The side parallax adjustment is very handy, and you should be able to get a Sightron for under $500, or one of the new Simmons just coming out with side parallax adjustment for under $300. Simmons is getting some very good reviews on this new scope with side parallax adjustment. The Aetec had good reviews for a few years, but this new scope is getting even better reviews. I think it would make a wonderful rimfire scope.


----------



## Whelen35 (Mar 9, 2004)

With such a nice quality 22, I would put a high quility scope on it. I would take into consideration the scopes that I have on my other rifles at this time. Haveing a simular sight picture as your hunting guns can be a useful thing. Another thing to think about is what you are going to use it for. If I was to do a lot of shooting at longer range (fora 22lr) I would then consider the the sheppard 22lr scope with the rangeing system set up for the 22lr. Nice gun, I have had the privlige of shooting a few in the past, and you have a very nice piece there.


----------



## gunattic (Jan 9, 2005)

I really like the high magnification optics.. there's nothing like small birds looking like ostriches or gophers looling like moose.. o.k... maybe a little exageration. I also really like the 1/8" dot reticle instead of any cross hairs. check into something with a dot.. I think you'll like that.


----------



## Dave_w (May 25, 2005)

I find it's always better to shop for optics with the specifications you need, and then compare different models. The main points to consider, besides parallax...
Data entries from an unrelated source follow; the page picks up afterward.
(* Let $\mathbb{V}=V\times\{0\}$ be a horizontal homogeneous subgroup of $\mathbb{H}^n$ with $k=\dim V$, and let $\pi_{\mathbb{V}^\perp}\colon\mathbb{H}^n\to\mathbb{V}^\perp$ be the projection associated with $\mathbb{H}^n=\mathbb{V}^\perp\ltimes\mathbb{V}$. Equip $\mathbb{H}^n$ with the Korányi metric and $\mathbb{V}^\perp$ with the Euclidean metric of $\mathbb{R}^{2n+1}$. Then $\pi_{\mathbb{V}^\perp}$ is locally David–Semmes $(k+1)$-regular, i.e. $(\mathbb{H}^n,(\mathbb{V}^\perp,d_{\mathbb{R}^{2n+1}}),\pi_{\mathbb{V}^\perp})$ is a $(k+1)$-foliation.
   Context: $\mathbb{H}^n=\mathbb{R}^{2n}\times\mathbb{R}$ with group law $(x,t)*(x',t')=(x+x',t+t'+2\omega(x,x'))$, $\omega(x,x')=\sum_{i=1}^n(x_{n+i}x'_i-x_ix'_{n+i})$, Korányi metric $d_{\mathbb{H}}(p,q)=\|p^{-1}*q\|_{\mathbb{H}}$, $\|(x,t)\|_{\mathbb{H}}=(|x|^4+t^2)^{1/4}$. Horizontal homogeneous subgroup: $\mathbb{V}=V\times\{0\}$ with $V\subseteq\mathbb{R}^{2n}$ a subspace on which $\omega\equiv0$; $\mathbb{V}^\perp=V^\perp\times\mathbb{R}$. Writing uniquely $p=p_{\mathbb{V}^\perp}*p_{\mathbb{V}}$, set $\pi_{\mathbb{V}^\perp}(p)=p_{\mathbb{V}^\perp}$; its fibers are the left cosets $a*\mathbb{V}$. A surjection $\pi\colon X\to W$ between proper metric spaces is locally David–Semmes $s$-regular if for every compact $K\subseteq X$, $\pi|_K$ is Lipschitz and there are $C\ge1$, $r_0>0$ such that for every ball $B\subseteq W$ of radius $r<r_0$, $\pi^{-1}(B)\cap K$ can be covered by at most $Cr^{-s}$ balls in $X$ of radius $Cr$; $(X,W,\pi)$ is then an $s$-foliation. *)

From Stdlib Require Import Reals List.
From mathcomp Require Import ssreflect ssrfun ssrbool eqtype ssrnat seq
  choice fintype bigop.
Set Implicit Arguments.
Unset Strict Implicit.
Unset Printing Implicit Defensive.
Open Scope R_scope.

Definition vec (m : nat) := 'I_m -> R.

Definition rsum (m : nat) (f : 'I_m -> R) : R := \big[Rplus/R0]_(i < m) f i.

Definition vzero (m : nat) : vec m := fun _ => 0.
Definition vadd (m : nat) (x y : vec m) : vec m := fun j => x j + y j.
Definition vscal (m : nat) (a : R) (x : vec m) : vec m := fun j => a * x j.
Definition vsub (m : nat) (x y : vec m) : vec m := fun j => x j - y j.
Definition inner (m : nat) (x y : vec m) : R := rsum (fun j => x j * y j).
Definition norm2 (m : nat) (x : vec m) : R := inner x x.

Definition lincomb (m k : nat) (c : 'I_k -> R) (b : 'I_k -> vec m) : vec m :=
  fun j => rsum (fun i => c i * b i j).

Definition is_subspace (m : nat) (V : vec m -> Prop) : Prop :=
  V (@vzero m) /\
  (forall x y, V x -> V y -> V (vadd x y)) /\
  (forall a x, V x -> V (vscal a x)).

Definition has_dim (m : nat) (V : vec m -> Prop) (k : nat) : Prop :=
  exists b : 'I_k -> vec m,
    (forall c : 'I_k -> R, lincomb c b = @vzero m -> forall i, c i = 0) /\
    (forall v, V v <-> exists c : 'I_k -> R, v = lincomb c b).

Definition orth (m : nat) (V : vec m -> Prop) (x : vec m) : Prop :=
  forall v, V v -> inner x v = 0.

(* R^{2n} is represented as vec (n + n); coordinate i (< n) is [lshift n i],
   coordinate n+i is [rshift n i]. *)
Definition hpt (n : nat) := (vec (n + n) * R)%type.

Definition omega (n : nat) (x y : vec (n + n)) : R :=
  rsum (fun i : 'I_n =>
          x (rshift n i) * y (lshift n i) - x (lshift n i) * y (rshift n i)).

Definition hmul (n : nat) (p q : hpt n) : hpt n :=
  (vadd p.1 q.1, p.2 + q.2 + 2 * omega p.1 q.1).

Definition hinv (n : nat) (p : hpt n) : hpt n :=
  (fun j => - p.1 j, - p.2).

Definition koranyi (n : nat) (p : hpt n) : R :=
  sqrt (sqrt (norm2 p.1 ^ 2 + p.2 ^ 2)).

Definition dH (n : nat) (p q : hpt n) : R := koranyi (hmul (hinv p) q).

Definition dE (n : nat) (p q : hpt n) : R :=
  sqrt (norm2 (vsub p.1 q.1) + (p.2 - q.2) ^ 2).

(* horizontal homogeneous subgroup: V subspace of R^{2n} with omega = 0 on V *)
Definition isotropic (n : nat) (V : vec (n + n) -> Prop) : Prop :=
  forall x y, V x -> V y -> omega x y = 0.

Definition Vperp (n : nat) (V : vec (n + n) -> Prop) (p : hpt n) : Prop :=
  orth V p.1.

(* pi is the projection pi_{V^perp}: p = pi(p) * p_V with pi(p) in V^perp and
   p_V in V x {0} (this decomposition is unique). *)
Definition is_Vperp_projection (n : nat) (V : vec (n + n) -> Prop)
  (pi : hpt n -> hpt n) : Prop :=
  forall p, Vperp V (pi p) /\ exists v, V v /\ p = hmul (pi p) (v, 0).

Definition is_open {X : Type} (d : X -> X -> R) (U : X -> Prop) : Prop :=
  forall x, U x -> exists e, 0 < e /\ forall y, d x y < e -> U y.

Definition is_compact {X : Type} (d : X -> X -> R) (K : X -> Prop) : Prop :=
  forall (I : Type) (U : I -> X -> Prop),
    (forall i, is_open d (U i)) ->
    (forall x, K x -> exists i, U i x) ->
    exists l : list I, forall x, K x -> exists i, In i l /\ U i x.

Definition locally_DS_regular {X W : Type} (dX : X -> X -> R)
  (Wset : W -> Prop) (dW : W -> W -> R) (pi : X -> W) (s : R) : Prop :=
  (forall x, Wset (pi x)) /\
  (forall w, Wset w -> exists x, pi x = w) /\
  forall K : X -> Prop, is_compact dX K ->
    (exists L, forall x y, K x -> K y -> dW (pi x) (pi y) <= L * dX x y) /\
    exists C r0, 1 <= C /\ 0 < r0 /\
      forall w r, Wset w -> 0 < r -> r < r0 ->
        exists l : list X,
          INR (length l) <= C * Rpower r (- s) /\
          forall x, K x -> dW (pi x) w < r ->
            exists y, In y l /\ dX x y < C * r.

Definition foliation {X W : Type} (dX : X -> X -> R)
  (Wset : W -> Prop) (dW : W -> W -> R) (pi : X -> W) (s : R) : Prop :=
  locally_DS_regular dX Wset dW pi s.

(* Write x = pi(x) * (v, 0) with v in V.  The Koranyi distance dH(x, y) is
   comparable to max(|y_1 - x_1|, |g|^(1/2)), where
   g = y_2 - x_2 - 2 omega(x_1, y_1) is the vertical coordinate of x^-1 * y
   ([dH_lower], [dH_upper]).
   - Compact sets are bounded for the gauge |x_1|_1 + |x_2|, which is
     dH-continuous ([compact_bounded]).
   - On bounded sets pi is Lipschitz: the horizontal parts of pi(x) and of
     (v, 0) are orthogonal, and the vertical part is controlled through the
     bilinearity of omega ([pi_lipschitz]).
   - Covering: if pi(x) is r-close to w, then x is dH-close (O(r)) to some
     w * (g, s), where g runs over an r-grid of the bounded part of V
     (O(r^-k) points, since dim V = k) and s over an r^2-grid of an interval
     of length O(r) (O(r^-1) points).  Isotropy omega(v, g) = 0 keeps the
     vertical error of order r^2 ([pi_fibre_cover]).
   - pi fixes V^perp x R, hence is onto ([pi_fixes_Vperp]). *)
Set Warnings "-notation-overridden,-ambiguous-paths,-notation-incompatible-prefix".
From Stdlib Require Import Reals List Lra Lia Psatz.
From Stdlib Require Import ZArith FunctionalExtensionality IndefiniteDescription.
From mathcomp Require Import ssreflect ssrfun ssrbool eqtype ssrnat seq
  choice fintype finfun bigop.
From mathcomp Require Import ssralg matrix mxalgebra.
From mathcomp Require Import Rstruct.
Open Scope R_scope.
Set Implicit Arguments.
Unset Strict Implicit.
...first, what do you want to see, how steady is your aim, and how good is your vision? I know some guys that shoot at 50-100 yards with a 16+x scope. They want to have the target completely fill their sight picture. They also have very, very steady hands, or use a bipod, rifle rest, or sandbag. I know guys that use much lower magnification, all the way down to maybe 4x, because their hands aren't so steady and they don't feel a great desire to be able to read the "10x" on their targets. Me, I'm very happy with the 3-9x scope on my Ruger Model 10/22-TAL race rifle. I have very good eyes (20/10 vision), very steady hands, and I require a wide field of vision in order to acquire the target rapidly. I'm also fairly good at locking onto the ten-ring as soon as I bring the gun up, so I really don't need insane magnification.

...second, how tight a group does your rifle shoot? Take a rest and a vise and find out. Use the most accurate ammunition you have (I like the Wolf match grade stuff) and measure out the group. If the gun fires a half-inch group, it would really be worth it to get a 1/8 MOA adjustment. One inch, and you can get away with a 1/4. My rifle really needed the 1/8. But getting a 1/8 MOA adjustment knob can set you back like, buoco Canadian dollars. In which case, you have to ask yourself whether your aim is so good that 1/8" at 100 yards is really gonna make a difference.


----------